LOUDWATER, Buckinghamshire – St Peter. 

Extension 1903-4

A new chancel and sanctuary, including an organ chamber, were built on to the existing building of 1788.

Externally, both the original building and Fellowes Prynne’s addition are of red brick, but the two kinds of brick are from a different era, and in colour and texture do not match. The addition looks incongruous with the Georgian original, being both out of proportion and in a totally different style.

Inside, the sense of incongruity disappears somewhat, with the proportions feeling much better balanced. There is a contrast between the light, airiness of the original building and the warm, serious red brick of the addition, which is effective in its way. There is a chancel wall with no screen, and the usual high altar in a stepped sanctuary, with dossal curtain behind.

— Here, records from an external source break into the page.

(* pure with all facets of cardinality m (i.e. dimension m-1) *)
Definition pure (m : nat) (K : {set {set T}}) : Prop :=
  forall F, F \in facets K -> #|F| = m.

Definition gen (C : seq {set T}) : {set {set T}} :=
  [set A : {set T} | (A != set0) && has (fun F : {set T} => A \subset F) C].

Fixpoint shellable (m : nat) (K : {set {set T}}) : Prop :=
  pure m K /\
  exists s : seq {set T},
    perm_eq s (enum (facets K)) /\
    forall k, 0 < k < size s ->
      match m with
      | 0 => False
      | m'.+1 => shellable m' (gen [:: nth set0 s k] :&: gen (take k s))
      end.

Definition dual_adj (m : nat) (F G : {set T}) : Prop :=
  F != G /\ #|F :&: G| = m.-1.

Definition dual_is_path (m : nat) (K : {set {set T}}) : Prop :=
  exists s : seq {set T},
    perm_eq s (enum (facets K)) /\ 0 < size s /\
    forall i j, i < size s -> j < size s ->
      (dual_adj m (nth set0 s i) (nth set0 s j) <-> (i = j.+1 \/ j = i.+1)).

Definition skel_edge (K : {set {set T}}) (x y : T) : bool :=
  (x != y) && ([set x; y] \in K).

Definition skeleton_hamiltonian (K : {set {set T}}) : Prop :=
  exists c : seq T,
    uniq c /\ 3 <= size c /\
    (forall x, x \in c <-> [set x] \in K) /\
    cycle (skel_edge K) c.

End Complexes.

From mathcomp Require Import all_boot zify.
Set Implicit Arguments. Unset Strict Implicit. Unset Printing Implicit Defensive.

(* List the facets F_0, ..., F_(n-1) along the dual path: consecutive facets
   share a ridge and non-consecutive ones do not.  Shellability makes the
   facets containing a given vertex v consecutive: if v lies in F_q and in a
   facet shelled before F_q, then v lies in a ridge of F_q shared with an
   earlier facet, which must be a path neighbour of F_q.  Hence F_(k+1) adds a
   single new vertex b to F_0, ..., F_k, and b can be spliced into a
   Hamiltonian cycle of the first k+1 facets between the ends x, y of a cycle
   edge inside F_k :&: F_(k+1).  Now b lies in F_(k+2), for otherwise F_k and
   F_(k+2) would share the ridge F_(k+1) minus b, and so does one of x, y, as
   F_(k+1) and F_(k+2) differ by one vertex; hence one of the new edges xb, by
   again lies in F_(k+1) :&: F_(k+2). *)

Lemma shellable_pure (T : finType) m (L : {set {set T}}) :
  shellable m L -> pure m L.
Proof. by case: m => [|m] []. Qed.

Lemma facet_above (T : finType) (L : {set {set T}}) (A : {set T}) :
  A \in L -> exists2 F, F \in facets L & A \subset F.
Proof.
move=> AL; have LA : A \in [set B in L | A \subset B] by rewrite inE AL subxx.
case: (arg_maxnP (fun B : {set T} => #|B|) LA) => F FLA Fmax.
have /[!inE]/andP[FL AF] : F \in [set B in L | A \subset B] := FLA.
exists F => //; rewrite inE FL; apply/forall_inP => G GL; apply/implyP => FG.
have GLA : G \in [set B in L | A \subset B] by rewrite inE GL (subset_trans AF FG).
by rewrite eq_sym eqEcard FG; apply: Fmax GLA.
Qed.

Lemma path_clique (T : eqType) (e : rel T) (x : T) (p : seq T) :
  {in x :: p &, forall y z, y != z -> e y z} -> uniq (x :: p) -> path e x p.
Proof.
elim: p x => [|y p IHp] x //= clique_e /andP[]; rewrite inE negb_or => /andP[neq_xy _] up.
rewrite clique_e ?inE ?eqxx ?orbT //= IHp // => u w uyp wyp.
by apply: clique_e; rewrite inE ?uyp ?wyp orbT.
Qed.

Lemma cycle_clique (T : eqType) (e : rel T) (c : seq T) :
  {in c &, forall y z, y != z -> e y z} -> uniq c -> 1 < size c -> cycle e c.
Proof.
case: c => [|x [|y p]] // clique_e uc _.
rewrite /cycle rcons_path path_clique //; apply: clique_e; rewrite ?mem_head //.
  exact: mem_last.
have last_yp : last y p \in y :: p := mem_last y p.
by case/andP: uc => xnyp _; apply: contraNneq xnyp => <-.
Qed.

Section DualPathShelling.

Variables (T : finType) (d : nat) (K : {set {set T}}) (s t : seq {set T}).

Local Notation n := (size s).
Local Notation facet i := (nth set0 s i).
Local Notation rank i := (index (nth set0 s i) t).

Hypothesis K_complex : is_complex K.
Hypothesis K_pure : pure d.+1 K.
Hypothesis s_facets : perm_eq s (enum (facets K)).
Hypothesis s_dual_path : forall i j, i < n -> j < n ->
  (dual_adj d.+1 (facet i) (facet j) <-> i = j.+1 \/ j = i.+1).
Hypothesis t_facets : perm_eq t (enum (facets K)).
Hypothesis t_shelling : forall k, 0 < k < size t ->
  shellable d (gen [:: nth set0 t k] :&: gen (take k t)).
Hypothesis d_ge2 : 2 <= d.
Lemma chain_onS A B j f : A \subset B -> chain_on A j f -> chain_on B j f.
Proof. by move=> AB fA s /fA[/(ind_faceS AB)]. Qed.

Lemma chain_onD S j f g :
  chain_on S j f -> chain_on S j g -> chain_on S j (fun s => f s + g s).
Proof.
move=> fS gS s; case: (eqVneq (f s) 0) => [-> | /fS //].
by rewrite add0r => /gS.
Qed.

Lemma chain_onB S j f g :
  chain_on S j f -> chain_on S j g -> chain_on S j (fun s => f s - g s).
Proof.
move=> fS gS s; case: (eqVneq (f s) 0) => [-> | /fS //].
by rewrite sub0r oppr_eq0 => /gS.
Qed.

Lemma chain_on_avoid S j x f : chain_on S j f -> chain_on (S :\ x) j (avoid x f).
Proof.
move=> fS s; rewrite /avoid; case: ifPn => [_ | xs /fS[sS ->]]; first by rewrite eqxx.
by rewrite ind_face_setD1.
Qed.

Lemma chain_on_link S j x f :
  chain_on S j f -> chain_on (S :\: closed_nbhd x) j.-1 (link x f).
Proof.
move=> fS r; rewrite /link; case: ifPn => [_ | xr]; first by rewrite eqxx.
rewrite mulf_eq0 negb_or => /andP[_ /fS[xrS]].
by rewrite cardsU1 xr ind_face_link // => <-.
Qed.

Lemma chain_on_cone S A j x c :
  (forall r, x \notin r -> ind_face e A r -> ind_face e S (x |: r)) ->
  chain_on A j c -> chain_on S j.+1 (cone x c).
Proof.
move=> join cA s; rewrite /cone; case: ifPn => [xs | _]; last by rewrite eqxx.
rewrite mulf_eq0 negb_or => /andP[_ /cA[sA sj]].
have xs' : x \notin s :\ x by rewrite setD11.
by rewrite -(setD1K xs) join // cardsU1 xs' sj.
Qed.

Lemma cycle_cone_boundary S A j x z :
  (forall r, x \notin r -> ind_face e A r -> ind_face e S (x |: r)) ->
  cycle_on A j z -> boundary_on S j z.
Proof.
move=> join [zA bd_z]; exists (cone x z); first exact: chain_on_cone zA.
by move=> t; rewrite bd_cone /cone bd_z mulr0 if_same subr0.
Qed.

Lemma homology_nonzero_isolated U j x :
  x \in U -> {in U, forall u, ~~ e x u} -> ~ homology_nonzero U j.
Proof.
move=> xU iso [z zU []]; apply: (cycle_cone_boundary (x := x)) zU => r xr rU.
by apply: ind_face_join; rewrite // setD_closed_nbhd_isolated // ind_face_setD1.
Qed.

Lemma homology_nonzero0 S : homology_nonzero S 0 -> S = set0.
Proof.
case: (set_0Vmem S) => [// | [x xS]] [z [zS bd_z] []].
apply: (cycle_cone_boundary (A := set0) (x := x)) (conj _ bd_z)
  => [r _ /andP[r0 _] | s /zS[_ /eqP]].
  rewrite (_ : r = set0); last by apply/eqP; rewrite -subset0.
  exact: ind_face_join (ind_face_set0 _).
by rewrite cards_eq0 => /eqP->; rewrite cards0 ind_face_set0.
Qed.
Lemma attractor_strategy : exists a : V -> V, forall x,
  x \in attr T -> x \notin T -> owns b x ->
  e x (a x) /\ forall j, x \in aiter T j.+1 -> a x \in aiter T j.
Proof.
apply: (choice (fun x y => x \in attr T -> x \notin T -> owns b x ->
  e x y /\ forall j, x \in aiter T j.+1 -> y \in aiter T j)) => x.
case: (boolP [&& x \in attr T, x \notin T & owns b x]); last first.
  by move=> /and3P not_cond; exists x => xA xT own_x; case: not_cond.
case/and3P => xA xT own_x; case: (ex_minnP (attr_rank xA xT)) => j xj min_j.
have [|[/(_ own_x) [y exy yj] _]] := aiterS_spec xj; first by rewrite (negbTE xT).
exists y => _ _ _; split => // i xi.
exact: subsetP (aiter_mono (min_j _ xi)) _ yj.
Qed.

Lemma attr_nonowner_closed x y : x \in attr T -> x \notin T -> ~~ owns b x ->
  e x y -> y \in attr T.
Proof.
move=> xA xT other_x exy; have [j xj] := attr_rank xA xT.
have [|[_ /(_ other_x y exy)]] := aiterS_spec xj; first by rewrite (negbTE xT).
exact: subsetP (aiter_sub_attr j) y.
Qed.

Lemma attractor_move_attr (a : V -> V) x :
  (forall j, x \in aiter T j.+1 -> a x \in aiter T j) ->
  x \in attr T -> x \notin T -> a x \in attr T.
Proof.
move=> a_down xA xT; have [j /a_down] := attr_rank xA xT.
exact: subsetP (aiter_sub_attr j) _.
Qed.

Lemma attr_reach (a : V -> V) (pi : nat -> V) :
  (forall x, x \in attr T -> x \notin T -> owns b x ->
     forall j, x \in aiter T j.+1 -> a x \in aiter T j) ->
  (forall i, e (pi i) (pi i.+1)) ->
  (forall i, pi i \in attr T -> pi i \notin T -> owns b (pi i) -> pi i.+1 = a (pi i)) ->
  forall j i, pi i \in aiter T j -> exists2 i', i <= i' & pi i' \in T.
Proof.
move=> a_down epi follow_a; elim=> [|j IH] i pij; first by exists i.
case: (boolP (pi i \in T)) => [piT | piT]; first by exists i.
suff /IH [i' le_i' pi'T] : pi i.+1 \in aiter T j by exists i'; first exact: ltnW.
have piA : pi i \in attr T := subsetP (aiter_sub_attr _) _ pij.
have [|[own_pi other_pi]] := aiterS_spec pij; first by rewrite (negbTE piT).
case: (boolP (owns b (pi i))) => own_i; last exact: other_pi.
by rewrite (follow_a _ piA piT own_i); apply: a_down.
Qed.

End Attractor.

Lemma inf_often_or_eventually_not (T : Type) (P : T -> bool) (pi : nat -> T) :
  (forall N, exists2 i, N <= i & P (pi i)) \/ exists N, forall i, N <= i -> ~~ P (pi i).
Proof.
case: (classic (exists N, forall i, N <= i -> ~~ P (pi i))) => [|no_bound]; first by right.
left=> N; apply: NNPP => no_i; apply: no_bound; exists N => i le_Ni.
by apply/negP => Pi; apply: no_i; exists i.
Qed.

Lemma attr_reach_inf (V : finType) (VO : {set V}) b e U T (a : V -> V) (pi : nat -> V) :
  (forall x, x \in attr VO b e U T -> x \notin T -> owns VO b x ->
     forall j, x \in aiter VO b e U T j.+1 -> a x \in aiter VO b e U T j) ->
  (forall i, e (pi i) (pi i.+1)) ->
  (forall i, pi i \in attr VO b e U T -> pi i \notin T -> owns VO b (pi i) ->
     pi i.+1 = a (pi i)) ->
  (forall N, exists2 i, N <= i & pi i \in attr VO b e U T) ->
  forall N, exists2 i, N <= i & pi i \in T.
Proof.
move=> a_down epi follow_a inf_A N; have [i le_Ni piA] := inf_A N.
have [i' le_ii' pi'T] := attr_reach a_down epi follow_a piA.
by exists i' => //; apply: leq_trans le_ii'.
Qed.

Lemma odd_wins_eq (V : finType) (f g : V -> nat) (pi : nat -> V) :
  (forall i, f (pi i) = g (pi i)) -> odd_wins f pi -> odd_wins g pi.
Proof.
move=> eq_fg [q [odd_q inf_q [N ge_q]]]; exists q; split => //.
  by move=> M; have [i le_Mi f_q] := inf_q M; exists i; rewrite -?eq_fg.
by exists N => i le_Ni; rewrite -eq_fg; apply: ge_q.
Qed.

Section Plays.
Variables (V : finType) (E : rel V) (p : V -> nat) (VO : {set V}).
Implicit Types (U W X : {set V}) (b : bool) (pi : nat -> V) (s : V -> V).
Local Notation owns := (owns VO).

(* Player [true] is Odd, player [false] is Even. *)
Definition wins_play b pi : Prop := if b then odd_wins p pi else ~ odd_wins p pi.

Definition play_in U pi : Prop := forall i, pi i \in U /\ E (pi i) (pi i.+1).
Definition follows b s pi : Prop := forall i, owns b (pi i) -> pi i.+1 = s (pi i).

Definition closed_in b U W s : Prop := forall x, x \in W ->
  (owns b x -> E x (s x) /\ s x \in W) /\
  (~~ owns b x -> forall y, y \in U -> E x y -> y \in W).

Definition winning_in b U W s : Prop := forall pi,
  play_in U pi -> follows b s pi -> pi 0 \in W -> wins_play b pi.

Definition total_in U : Prop := forall x, x \in U -> exists2 y, y \in U & E x y.

Definition shift pi N : nat -> V := fun i => pi (N + i).

Lemma odd_wins_shift pi N : odd_wins p (shift pi N) <-> odd_wins p pi.
Proof.
rewrite /odd_wins /shift; split=> -[q [odd_q inf_q [M ge_q]]]; exists q; split => //.
- move=> N'; have [i le_i pi_q] := inf_q N'.
  by exists (N + i) => //; apply: leq_trans le_i (leq_addl _ _).
- exists (N + M) => i le_i; rewrite -(subnKC (leq_trans (leq_addr M N) le_i)).
  by apply: ge_q; rewrite leq_subRL // (leq_trans (leq_addr M N) le_i).
- move=> N'; have [i le_i pi_q] := inf_q (N + N').
  have le_Ni := leq_trans (leq_addr N' N) le_i.
  by exists (i - N); rewrite ?leq_subRL ?subnKC.
- by exists M => i le_i; apply: ge_q; apply: leq_trans le_i (leq_addl _ _).
Qed.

The Building News and Engineering Journal of 20 May 1904 reported on the dedication of the new chancel:

The Bishop of Oxford dedicated on Monday a new chancel which has been added to the parish church at Loudwater, Buckinghamshire.  The old church was built about 100 years ago, and was totally devoid of any architectural pretensions.  By the addition of the chancel, a new west entrance, and a new aisle and vestry, all Gothic in character, the church has been thoroughly modernised, a sum exceeding £2,000 having been expended on the building.  The old plaster ceiling has been taken out, and a Gothic pine ceiling substituted.  Mr. G. H. Fellowes Prynne, F. R. I. B. A., 6 Queen Anne’s-gate, Westminster, has been the architect, and Mr. H. Hunt, of High Wycombe, the builder.

There was a proposal for a complete rebuild, but this was never carried through.

The postcard shows Fellowes Prynne’s end of the building, and is much kinder than my photo to its right! Perhaps it was published to coincide with the completion, as it was sent on 13 October 1906.